Lemma Var_expand f p : \sum_x p x = 1 ->
  Var f p = \sum_x p x * f (point_distr R x) ^+ 2 - (\sum_x p x * f (point_distr R x)) ^+ 2.
Proof.
move=> p1; rewrite /Var; set m := \sum_y p y * f (point_distr R y).
transitivity (\sum_x (p x * f (point_distr R x) ^+ 2 - (2 * m) * (p x * f (point_distr R x))
                     + m ^+ 2 * p x)).
  by apply: eq_bigr => x _; ring.
by rewrite !big_split /= -!mulr_sumr sumrN -mulr_sumr p1 -/m; ring.
Qed.

Lemma Var_ge0 f p : (forall x, 0 <= p x) -> 0 <= Var f p.
Proof. by move=> p0; apply: sumr_ge0 => x _; rewrite mulr_ge0 ?sqr_ge0. Qed.

(* The gap is the variance, with weights t and 1 - t, of the two means of f. *)
Lemma Var_concave f p q t : \sum_x p x = 1 -> \sum_x q x = 1 -> 0 <= t <= 1 ->
  t * Var f p + (1 - t) * Var f q <= Var f (mix t p q).
Proof.
move=> p1 q1 t01.
have mix1 : \sum_x mix t p q x = 1.
  by rewrite /mix big_split /= -!mulr_sumr p1 q1 !mulr1 subrKC.
rewrite !Var_expand // !sum_mixM.
have := sqr_convex_comb_le (\sum_x p x * f (point_distr R x))
                           (\sum_x q x * f (point_distr R x)) t01.
lra.
Qed.

Lemma Vfun_concave (A : finType) f p q t :
  Defs.distribution p -> Defs.distribution q -> 0 <= t <= 1 ->
  t * Vfun A f p + (1 - t) * Vfun A f q <= Vfun A f (mix t p q).
Proof.
move=> p_distr q_distr t01; have [m0 m1] := distribution_mix p_distr q_distr t01.
case: p_distr q_distr => [p0 p1] [q0 q1].
have ln2_ge0 : 0 <= ln (2 : R) by rewrite ln_ge0 ?ler1n.
rewrite /Vfun mulrCA [(1 - t) * _]mulrCA -mulrDr ler_wpM2l ?divr_ge0 //.
apply: sqrD_convex_comb_le => //; rewrite ?sqrtr_ge0 //.
  by rewrite divr_ge0 // ln_ge0 // lerDl mulr_ge0 ?sqr_ge0.
rewrite !sqr_sqrtr ?addr_ge0 ?Var_ge0 //.
have := Var_concave f p1 q1 t01; lra.
Qed.

End Variance.

Section Operators.
Variable R : realType.

Lemma psd_diag_ge0 (I : finType) (rho : Op R I) (i : I) : psd rho -> 0 <= rho i i.
Proof.
move=> /(_ (fun j => if j == i then 1 else 0)).
rewrite (bigD1 i) //= [X in _ + X]big1 => [|k /negbTE k_neq_i]; last first.
  by rewrite big1 // => l _; rewrite k_neq_i rmorph0 !mul0r.
rewrite addr0 (bigD1 i) //= big1 => [|l /negbTE l_neq_i]; last by rewrite l_neq_i mulr0.
by rewrite eqxx rmorph1 mul1r mulr1 addr0.
Qed.

Lemma trace_psd_ge0 (I : finType) (rho : Op R I) : psd rho -> 0 <= trace rho.
Proof. by move=> rho_psd; apply: sumr_ge0 => i _; apply: psd_diag_ge0. Qed.

Lemma trace_apply_first (I J K : finType) (Phi : Op R I -> Op R J) (rho : Op R (I * K)%type) :
  trace (apply_first Phi rho) = \sum_(k : K) trace (Phi (fun i i' => rho (i, k) (i', k))).
Proof. by rewrite /trace exchange_big pair_bigA. Qed.

Definition scale_op (I : finType) (z : R[i]) (rho : Op R I) : Op R I := fun i j => z * rho i j.

Lemma trace_scale_op (I : finType) z (rho : Op R I) : trace (scale_op z rho) = z * trace rho.
Proof. by rewrite /trace mulr_sumr. Qed.

Lemma apply_first_scale_op (I K : finType) z (rho : Op R (I * K)%type) :
  apply_first (scale_op z) rho = scale_op z rho.
Proof. by apply/funext => -[i k]; apply/funext => -[i' k']. Qed.

Lemma psd_scale_op (I : finType) z (rho : Op R I) : 0 <= z -> psd rho -> psd (scale_op z rho).
Proof.
move=> z_ge0 rho_psd v; rewrite [X in 0 <= X](_ : _ = z * \sum_i \sum_j (v i)^* * rho i j * v j).
  by rewrite mulr_ge0.
rewrite mulr_sumr; apply: eq_bigr => i _; rewrite mulr_sumr; apply: eq_bigr => j _.
by rewrite /scale_op mulrCA !mulrA.
Qed.
Lemma mean_deviation_le f x h c : 0 < h -> Lloc rho mu f ->
  (`|c * m h - fine (\int[mu]_(u in T x h) (f u)%:E)|%:E <=
   \int[mu]_(u in Bh h) (`|c - f (add x u)|)%:E)%E.
Proof.
move=> h0 Lf; have [mE _] := Bh_mu_fin h0.
have iT := Lloc_T x h0 Lf; have mT := T_meas x h.
set J := (\int[mu]_(u in T x h) (f u)%:E)%E.
have Jfin : J \is a fin_num by have := integrable_fin_num mT iT.
have int_cf : (\int[mu]_(u in T x h) ((c - f u)%:E) = (c * m h - fine J)%:E)%E.
  under eq_integral do rewrite EFinB.
  rewrite integralB_EFin //; last exact: (Lloc_T x h0 (cst_Lloc c)).
  by rewrite integral_cst // T_mu [in LHS]mE EFinB EFinM (fineK Jfin).
rewrite (@integral_transl _ (Lloc_abs_sub c Lf) x h h0).
rewrite -abse_EFin -int_cf.
under [X in (_ <= X)%E]eq_integral do rewrite -abse_EFin.
apply: le_abse_integral => //; apply/measurable_EFinP.
apply: measurable_funB; first exact: measurable_cst.
by apply/measurable_EFinP; case/integrableP: iT.
Qed.

Lemma Sh_deviation_le f h x N : 0 < h -> Lloc rho mu f -> 0 <= N ->
  (forall y z, `|f y - f z| <= N * omega (rho y z)) ->
  `|f x - Sh rho add theta mu h f x| <= N * I h / m h.
Proof.
move=> h0 Lf N0 f_lip; have [_ m0] := Bh_mu_fin h0.
have int_lip : (\int[mu]_(u in Bh h) (`|f x - f (add x u)|)%:E <=
                \int[mu]_(u in Bh h) (N * omega (rho u theta))%:E)%E.
  apply: ge0_le_integral_nomeas => u Bu; rewrite lee_fin //.
  apply: le_trans (f_lip x (add x u)) _; apply: ler_wpM2l => //.
  by apply: omega_le => //; rewrite rhoC; exact: rho_add.
have int_omega : (\int[mu]_(u in Bh h) (N * omega (rho u theta))%:E =
                  (N * I h)%:E)%E.
  under eq_integral do rewrite EFinM.
  rewrite ge0_integralZl_EFin //; first by rewrite EFinM -(Iomega_fin h0).
  - exact: Bh_meas.
  - by move=> u _; rewrite lee_fin omega_ge0.
  - by apply/measurable_EFinP; apply: measurable_funTS; exact: omega_rho_meas.
set J := fine (\int[mu]_(u in T x h) (f u)%:E).
have dev : `|f x * m h - J| <= N * I h.
  rewrite -lee_fin -int_omega; apply: le_trans int_lip.
  exact: mean_deviation_le.
rewrite Sh_transl // -/J.
have -> : f x - J / m h = (f x * m h - J) / m h by field; rewrite gt_eqF.
by rewrite normrM normfV (ger0_norm (ltW m0)) ler_pM2r // invr_gt0.
Qed.
End RealLimitAlgebra.

Lemma filterlim_within_subset {Y : UniformSpace} (D E : R -> Prop) (f : R -> Y) x l :
  (forall y, E y -> D y) ->
  filterlim f (within D (locally x)) (locally l) -> filterlim f (within E (locally x)) (locally l).
Proof.
  intros HED Hf P HP. change (locally x (fun y => E y -> P (f y))).
  apply (filter_imp (fun y => D y -> P (f y))); [|exact (Hf P HP)].
  intros y Hy Ey. exact (Hy (HED y Ey)).
Qed.

Lemma C1_on_subset (D E : R -> Prop) (f f' : R -> R) :
  (forall y, E y -> D y) -> C1_on D f f' -> C1_on E f f'.
Proof.
  intros HED Hf x Ex. destruct (Hf x (HED x Ex)) as [Hd Hc]. split.
  - apply (filterlim_within_subset (fun y => D y /\ y <> x)); [|exact Hd].
    intros y [Ey Hyx]. exact (conj (HED y Ey) Hyx).
  - exact (filterlim_within_subset D E _ _ _ HED Hc).
Qed.

Lemma has_deriv_within_continuous (D : R -> Prop) (f f' : R -> R) x :
  has_deriv_within D f f' x -> filterlim f (within D (locally x)) (locally (f x)).
Proof.
  intros Hd.
  set (Dx := fun y => D y /\ y <> x).
  assert (Hid : filterlim (fun y => y) (within Dx (locally x)) (locally x)).
  { intros P HP. change (locally x (fun y => Dx y -> P y)).
    apply (filter_imp P); [auto|exact HP]. }
  assert (Hlin : filterlim (fun y => f x + (f y - f x) / (y - x) * (y - x))
                   (within Dx (locally x)) (locally (f x + f' x * (x - x)))).
  { apply filterlim_Rplus_fun; [apply filterlim_const|].
    apply filterlim_Rmult_fun; [exact Hd|].
    apply filterlim_Rminus_fun; [exact Hid|apply filterlim_const]. }
  replace (f x + f' x * (x - x)) with (f x) in Hlin by ring.
  intros P HP. change (locally x (fun y => D y -> P (f y))).
  apply (filter_imp (fun y => Dx y -> P (f x + (f y - f x) / (y - x) * (y - x))));
    [|exact (Hlin P HP)].
  intros y Hy Dy. destruct (Req_dec y x) as [->|Hyx].
  - exact (locally_singleton _ _ HP).
  - replace (f y) with (f x + (f y - f x) / (y - x) * (y - x)) by (field; lra).
    exact (Hy (conj Dy Hyx)).
Qed.

Lemma C1_on_continuous (D : R -> Prop) (f f' : R -> R) : C1_on D f f' -> continuous_on D f.
Proof. intros Hf x Dx. exact (has_deriv_within_continuous D f f' x (proj1 (Hf x Dx))). Qed.

Lemma has_deriv_within_is_derive (D : R -> Prop) (f f' : R -> R) x :
  locally x D -> has_deriv_within D f f' x -> is_derive f x (f' x).
Proof.
  intros [d2 HD] Hd. apply is_derive_Reals. intros eps Heps.
  destruct (proj1 (filterlim_locally _ _) Hd (mkposreal eps Heps)) as [d1 Hd1].
  exists (mkposreal (Rmin d1 d2) (Rmin_pos _ _ (cond_pos d1) (cond_pos d2))).
  intros h Hh Hhd. simpl in Hhd.
  assert (Hball : forall d : posreal, Rmin d1 d2 <= d -> ball x d (x + h)).
  { intros d Hd'. change (Rabs (x + h + - x) < d).
    replace (x + h + - x) with h by ring. lra. }
  assert (Hxh : x + h <> x) by (intros E; apply Hh; lra).
  assert (Hq := Hd1 (x + h) (Hball d1 (Rmin_l _ _))
                  (conj (HD (x + h) (Hball d2 (Rmin_r _ _))) Hxh)).
  change (Rabs ((f (x + h) - f x) / (x + h - x) + - f' x) < eps) in Hq.
  now replace (x + h - x) with h in Hq by ring.
Qed.

Lemma C1_on_ext (D : R -> Prop) (f f' g : R -> R) :
  (forall x, D x -> f x = g x) -> C1_on D f f' -> C1_on D g f'.
Proof.
  intros Efg Hf x Dx. destruct (Hf x Dx) as [Hd Hc]. split; [|exact Hc].
  apply (filterlim_within_ext _ (fun y => (f y - f x) / (y - x))); [|exact Hd].
  intros y [Dy _]. now rewrite (Efg y Dy), (Efg x Dx).
Qed.

Lemma C1_on_lincomb (D : R -> Prop) (f f' g g' : R -> R) a b :
  C1_on D f f' -> C1_on D g g' ->
  C1_on D (fun x => a * f x + b * g x) (fun x => a * f' x + b * g' x).
Proof.
  intros Hf Hg x Dx. destruct (Hf x Dx) as [Hfd Hfc]. destruct (Hg x Dx) as [Hgd Hgc].
  split.
  - apply (filterlim_within_ext _
      (fun y => a * ((f y - f x) / (y - x)) + b * ((g y - g x) / (y - x)))).
    + intros y [_ Hyx]. field. lra.
    + apply filterlim_Rplus_fun; apply filterlim_Rmult_fun; auto; apply filterlim_const.
  - apply filterlim_Rplus_fun; apply filterlim_Rmult_fun; auto; apply filterlim_const.
Qed.

Lemma C1_on_div (D : R -> Prop) (u u' v v' : R -> R) :
  C1_on D u u' -> C1_on D v v' -> (forall x, D x -> v x <> 0) ->
  C1_on D (fun x => u x / v x) (fun x => (u' x * v x - u x * v' x) / (v x * v x)).
Proof.
  intros Hu Hv Hnz x Dx. destruct (Hu x Dx) as [Hud Huc]. destruct (Hv x Dx) as [Hvd Hvc].
  assert (Cu := C1_on_continuous D u u' Hu x Dx).
  assert (Cv := C1_on_continuous D v v' Hv x Dx).
  assert (Hvx := Hnz x Dx). split.
  - apply (filterlim_within_ext _
      (fun y => ((u y - u x) / (y - x) * v x - u x * ((v y - v x) / (y - x))) / (v y * v x))).
    + intros y [Dy Hyx]. assert (Hvy := Hnz y Dy). field. repeat split; auto; lra.
    + apply filterlim_Rdiv_fun; [| |now apply Rmult_integral_contrapositive].
      * apply filterlim_Rminus_fun; apply filterlim_Rmult_fun; auto; apply filterlim_const.
      * apply filterlim_Rmult_fun; [|apply filterlim_const].
        apply (filterlim_within_subset D); [now intros y []|exact Cv].
  - apply filterlim_Rdiv_fun; [| |now apply Rmult_integral_contrapositive].
    + apply filterlim_Rminus_fun; apply filterlim_Rmult_fun; auto.
    + apply filterlim_Rmult_fun; auto.
Qed.

(* Extending a function on [a, b] by constants makes it continuous on all of R, so that
   the Stdlib/Coquelicot mean value and intermediate value theorems apply. *)
Definition clamp (a b y : R) : R := Rmax a (Rmin b y).

Lemma clamp_in a b y : a <= b -> a <= clamp a b y <= b.
Proof. intros. unfold clamp, Rmax, Rmin. repeat destruct Rle_dec; lra. Qed.

Lemma clamp_id a b y : a <= y <= b -> clamp a b y = y.
Proof. intros. unfold clamp, Rmax, Rmin. repeat destruct Rle_dec; lra. Qed.

Lemma clamp_lipschitz a b y z : a <= b -> Rabs (clamp a b y - clamp a b z) <= Rabs (y - z).
Proof.
  intros. unfold clamp, Rmax, Rmin, Rabs.
  repeat destruct Rle_dec; repeat destruct Rcase_abs; lra.
Qed.

Lemma continuous_clamp (f : R -> R) a b :
  a <= b -> continuous_on (fun y => a <= y <= b) f ->
  forall y, continuous (fun z => f (clamp a b z)) y.
Proof.
  intros Hab Hf y.
  apply (filterlim_comp _ _ _ (clamp a b) f _
           (within (fun y => a <= y <= b) (locally (clamp a b y)))).
  - intros P [eps HP]. exists eps. intros z Hz.
    apply HP; [|exact (clamp_in a b z Hab)].
    change (Rabs (clamp a b z + - clamp a b y) < eps).
    eapply Rle_lt_trans; [apply clamp_lipschitz; exact Hab|exact Hz].
  - exact (Hf _ (clamp_in a b y Hab)).
Qed.

Lemma RInt_Derive_C1_on_interval (g g' : R -> R) a b :
  a <= b -> C1_on (fun y => a <= y <= b) g g' -> RInt (Derive g) a b = g b - g a.
Proof.
  intros Hab Hg. destruct (Req_dec a b) as [<-|Hne].
  { rewrite RInt_point. change (0 = g a - g a). ring. }
  set (J := fun y => a <= y <= b).
  assert (Cg := continuous_clamp g a b Hab (C1_on_continuous J g g' Hg)).
  assert (Cg' := continuous_clamp g' a b Hab (fun y Jy => proj2 (Hg y Jy))).
  assert (Hloc : forall y, a < y < b -> locally y J).
  { intros y Hy. apply (locally_interval _ _ a b); simpl; try lra.
    intros z Hz1 Hz2. unfold J. simpl in *. lra. }
  assert (Dg : forall y, a < y < b -> is_derive g y (g' y)).
  { intros y Hy. apply (has_deriv_within_is_derive J); [exact (Hloc y Hy)|apply Hg; lra]. }
  set (G := fun y => RInt (fun t => g' (clamp a b t)) a y).
  assert (DG : forall y, is_derive G y (g' (clamp a b y))).
  { intros y. apply (is_derive_RInt (fun t => g' (clamp a b t)) G a y); [|apply Cg'].
    apply filter_forall. intros z. apply (RInt_correct (V := R_CompleteNormedModule)).
    apply (ex_RInt_continuous (V := R_CompleteNormedModule)). intros t _. apply Cg'. }
  (* [G] and [g] have the same derivative inside [a, b], so they differ by a constant *)
  destruct (MVT_gen (fun y => G y - g (clamp a b y)) a b (fun _ => 0)) as [c [_ Hc]].
  - rewrite Rmin_left, Rmax_right by lra. intros y Hy.
    replace 0 with (minus (g' (clamp a b y)) (g' y))
      by (rewrite clamp_id by lra; unfold minus, plus, opp; simpl; ring).
    apply (is_derive_minus G); [apply DG|].
    apply (is_derive_ext_loc g); [|exact (Dg y Hy)].
    apply (filter_imp J); [|exact (Hloc y Hy)].
    intros t Jt. now rewrite (clamp_id a b t Jt).
  - intros y _. apply continuity_pt_filterlim.
    apply (continuous_minus (V := R_NormedModule) G (fun z => g (clamp a b z))); [|apply Cg].
    apply (ex_derive_continuous (K := R_AbsRing) (V := R_NormedModule) G).
    exists (g' (clamp a b y)). apply DG.
  - assert (EG : RInt (Derive g) a b = G b).
    { apply RInt_ext. rewrite Rmin_left, Rmax_right by lra. intros t Ht.
      rewrite clamp_id by lra. exact (is_derive_unique _ _ _ (Dg t Ht)). }
    assert (G a = 0) by (unfold G; rewrite RInt_point; reflexivity).
    rewrite (clamp_id a b a), (clamp_id a b b) in Hc by lra. lra.
Qed.

Lemma continuous_on_nonzero_same_sign (f : R -> R) a b :
  a <= b -> continuous_on (fun y => a <= y <= b) f ->
  (forall y, a <= y <= b -> f y <> 0) -> 0 < f a * f b.
Proof.
  intros Hab Hf Hnz.
  destruct (Rlt_or_le 0 (f a * f b)) as [|Hle]; [easy|exfalso].
  assert (Cf : continuity (fun y => f (clamp a b y))).
  { intros y. apply continuity_pt_filterlim, continuous_clamp; assumption. }
  destruct (IVT_gen _ a b 0 Cf) as [z [_ Hz]].
  - rewrite !clamp_id by lra.
    unfold Rmin, Rmax. destruct Rle_dec; split; nra.
  - exact (Hnz _ (clamp_in a b z Hab) Hz).
Qed.

Lemma W_lincomb (p1 p1' p2 p2' g1 g2 : R -> R) a b c d x :
  g1 x = a * p1 x + b * p2 x -> g2 x = c * p1 x + d * p2 x ->
  W g1 (fun y => a * p1' y + b * p2' y) g2 (fun y => c * p1' y + d * p2' y) x
  = (a * d - b * c) * W p1 p1' p2 p2' x.
Proof. intros E1 E2. unfold W. rewrite E1, E2. ring. Qed.

Lemma det3_lincomb a b c d u1 u2 u3 v1 v2 v3 w1 w2 w3 :
  det3 (a * u1 + b * v1) (a * u2 + b * v2) (a * u3 + b * v3)
       (c * u1 + d * v1) (c * u2 + d * v2) (c * u3 + d * v3) w1 w2 w3
  = (a * d - b * c) * det3 u1 u2 u3 v1 v2 v3 w1 w2 w3.
Proof. unfold det3. ring. Qed.

Definition positive_wronskian_pair (D : R -> Prop) (psi1 psi2 : R -> R) : Prop :=
  exists psi1' psi2' : R -> R,
    C1_on D psi1 psi1' /\ C1_on D psi2 psi2' /\
    forall x, D x -> 0 < psi1 x /\ 0 < W psi1 psi1' psi2 psi2' x.

Section UnimodularChange.
Variables (D : R -> Prop) (p1 p2 g1 g2 : R -> R) (a b c d : R).
Hypothesis Hdet : a * d - b * c = 1.
Hypothesis Eg1 : forall x, D x -> g1 x = a * p1 x + b * p2 x.
Hypothesis Eg2 : forall x, D x -> g2 x = c * p1 x + d * p2 x.

Lemma positive_wronskian_pair_unimodular (p1' p2' : R -> R) :
  C1_on D p1 p1' -> C1_on D p2 p2' -> (forall x, D x -> 0 < W p1 p1' p2 p2' x) ->
  (forall x, D x -> 0 < g1 x) -> positive_wronskian_pair D g1 g2.
Proof.
  intros H1 H2 HW Hg1.
  exists (fun y => a * p1' y + b * p2' y), (fun y => c * p1' y + d * p2' y).
  split; [|split].
  - apply (C1_on_ext D (fun y => a * p1 y + b * p2 y)); [|now apply C1_on_lincomb].
    intros x Dx. now rewrite Eg1.
  - apply (C1_on_ext D (fun y => c * p1 y + d * p2 y)); [|now apply C1_on_lincomb].
    intros x Dx. now rewrite Eg2.
  - intros x Dx. split; [now apply Hg1|].
    rewrite (W_lincomb p1 p1' p2 p2' g1 g2 a b c d x (Eg1 x Dx) (Eg2 x Dx)), Hdet, Rmult_1_l.
    now apply HW.
Qed.

Lemma inC_unimodular (f : R -> R) : inC p1 p2 D f <-> inC g1 g2 D f.
Proof.
  assert (Edet : forall t1 t2 t3, D t1 -> D t2 -> D t3 ->
    det3 (g1 t1) (g1 t2) (g1 t3) (g2 t1) (g2 t2) (g2 t3) (f t1) (f t2) (f t3)
    = det3 (p1 t1) (p1 t2) (p1 t3) (p2 t1) (p2 t2) (p2 t3) (f t1) (f t2) (f t3)).
  { intros t1 t2 t3 D1 D2 D3.
    rewrite !Eg1, !Eg2 by assumption. rewrite det3_lincomb, Hdet. ring. }
  split; intros Hf t1 t2 t3 D1 D2 D3 H12 H23; [rewrite Edet|rewrite <- Edet]; auto.
Qed.

End UnimodularChange.

Lemma in_I_interval (T : R) (x0 : Rbar) x y : in_I T x0 x -> T <= y <= x -> in_I T x0 y.
Proof.
  intros [HTx Hx] Hy. split; [lra|].
  apply (Rbar_le_lt_trans _ x); [simpl; lra|exact Hx].
Qed.

Lemma RInt_Derive_C1_on_I (T : R) (x0 : Rbar) (g g' : R -> R) :
  C1_on (in_I T x0) g g' -> forall x, in_I T x0 x -> RInt (Derive g) T x = g x - g T.
Proof.
  intros Hg x Hx. apply (RInt_Derive_C1_on_interval g g'); [apply Hx|].
  apply (C1_on_subset (in_I T x0)); [|exact Hg].
  intros y Hy. exact (in_I_interval T x0 x y Hx Hy).
Qed.

Lemma Rabs_sign_on_I (T : R) (x0 : Rbar) (f : R -> R) :
  Rbar_lt T x0 -> continuous_on (in_I T x0) f -> (forall x, in_I T x0 x -> f x <> 0) ->
  exists s, s * s = 1 /\ forall x, in_I T x0 x -> Rabs (f x) = s * f x.
Proof.
  intros HT Hf Hnz.
  assert (Hsign : forall x, in_I T x0 x -> 0 < f T * f x).
  { intros x Hx. apply continuous_on_nonzero_same_sign; [apply Hx| |].
    - apply (continuous_on_subset (in_I T x0)); [|exact Hf].
      intros y Hy. exact (in_I_interval T x0 x y Hx Hy).
    - intros y Hy. exact (Hnz y (in_I_interval T x0 x y Hx Hy)). }
  assert (HfT := Hnz T (conj (Rle_refl T) HT)).
  destruct (Rlt_or_le 0 (f T)) as [Hpos|Hneg]; [exists 1|exists (-1)];
    split; try ring; intros x Hx; specialize (Hsign x Hx).
  - rewrite Rabs_right by nra. ring.
  - rewrite Rabs_left by nra. ring.
Qed.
-=-=-=-=-
Problem details >> From the first line of the listing above to the line that contains "Lemma trace_psd_ge0 (I", inclusive, restate every line word for word. Nothing else belongs in the answer.

Solution to this exercise >>
Lemma Var_expand f p : \sum_x p x = 1 ->
  Var f p = \sum_x p x * f (point_distr R x) ^+ 2 - (\sum_x p x * f (point_distr R x)) ^+ 2.
Proof.
move=> p1; rewrite /Var; set m := \sum_y p y * f (point_distr R y).
transitivity (\sum_x (p x * f (point_distr R x) ^+ 2 - (2 * m) * (p x * f (point_distr R x))
                     + m ^+ 2 * p x)).
  by apply: eq_bigr => x _; ring.
by rewrite !big_split /= -!mulr_sumr sumrN -mulr_sumr p1 -/m; ring.
Qed.

Lemma Var_ge0 f p : (forall x, 0 <= p x) -> 0 <= Var f p.
Proof. by move=> p0; apply: sumr_ge0 => x _; rewrite mulr_ge0 ?sqr_ge0. Qed.

(* The gap is the variance, with weights t and 1 - t, of the two means of f. *)
Lemma Var_concave f p q t : \sum_x p x = 1 -> \sum_x q x = 1 -> 0 <= t <= 1 ->
  t * Var f p + (1 - t) * Var f q <= Var f (mix t p q).
Proof.
move=> p1 q1 t01.
have mix1 : \sum_x mix t p q x = 1.
  by rewrite /mix big_split /= -!mulr_sumr p1 q1 !mulr1 subrKC.
rewrite !Var_expand // !sum_mixM.
have := sqr_convex_comb_le (\sum_x p x * f (point_distr R x))
                           (\sum_x q x * f (point_distr R x)) t01.
lra.
Qed.

Lemma Vfun_concave (A : finType) f p q t :
  Defs.distribution p -> Defs.distribution q -> 0 <= t <= 1 ->
  t * Vfun A f p + (1 - t) * Vfun A f q <= Vfun A f (mix t p q).
Proof.
move=> p_distr q_distr t01; have [m0 m1] := distribution_mix p_distr q_distr t01.
case: p_distr q_distr => [p0 p1] [q0 q1].
have ln2_ge0 : 0 <= ln (2 : R) by rewrite ln_ge0 ?ler1n.
rewrite /Vfun mulrCA [(1 - t) * _]mulrCA -mulrDr ler_wpM2l ?divr_ge0 //.
apply: sqrD_convex_comb_le => //; rewrite ?sqrtr_ge0 //.
  by rewrite divr_ge0 // ln_ge0 // lerDl mulr_ge0 ?sqr_ge0.
rewrite !sqr_sqrtr ?addr_ge0 ?Var_ge0 //.
have := Var_concave f p1 q1 t01; lra.
Qed.

End Variance.

Section Operators.
Variable R : realType.

Lemma psd_diag_ge0 (I : finType) (rho : Op R I) (i : I) : psd rho -> 0 <= rho i i.
Proof.
move=> /(_ (fun j => if j == i then 1 else 0)).
rewrite (bigD1 i) //= [X in _ + X]big1 => [|k /negbTE k_neq_i]; last first.
  by rewrite big1 // => l _; rewrite k_neq_i rmorph0 !mul0r.
rewrite addr0 (bigD1 i) //= big1 => [|l /negbTE l_neq_i]; last by rewrite l_neq_i mulr0.
by rewrite eqxx rmorph1 mul1r mulr1 addr0.
Qed.

Lemma trace_psd_ge0 (I : finType) (rho : Op R I) : psd rho -> 0 <= trace rho.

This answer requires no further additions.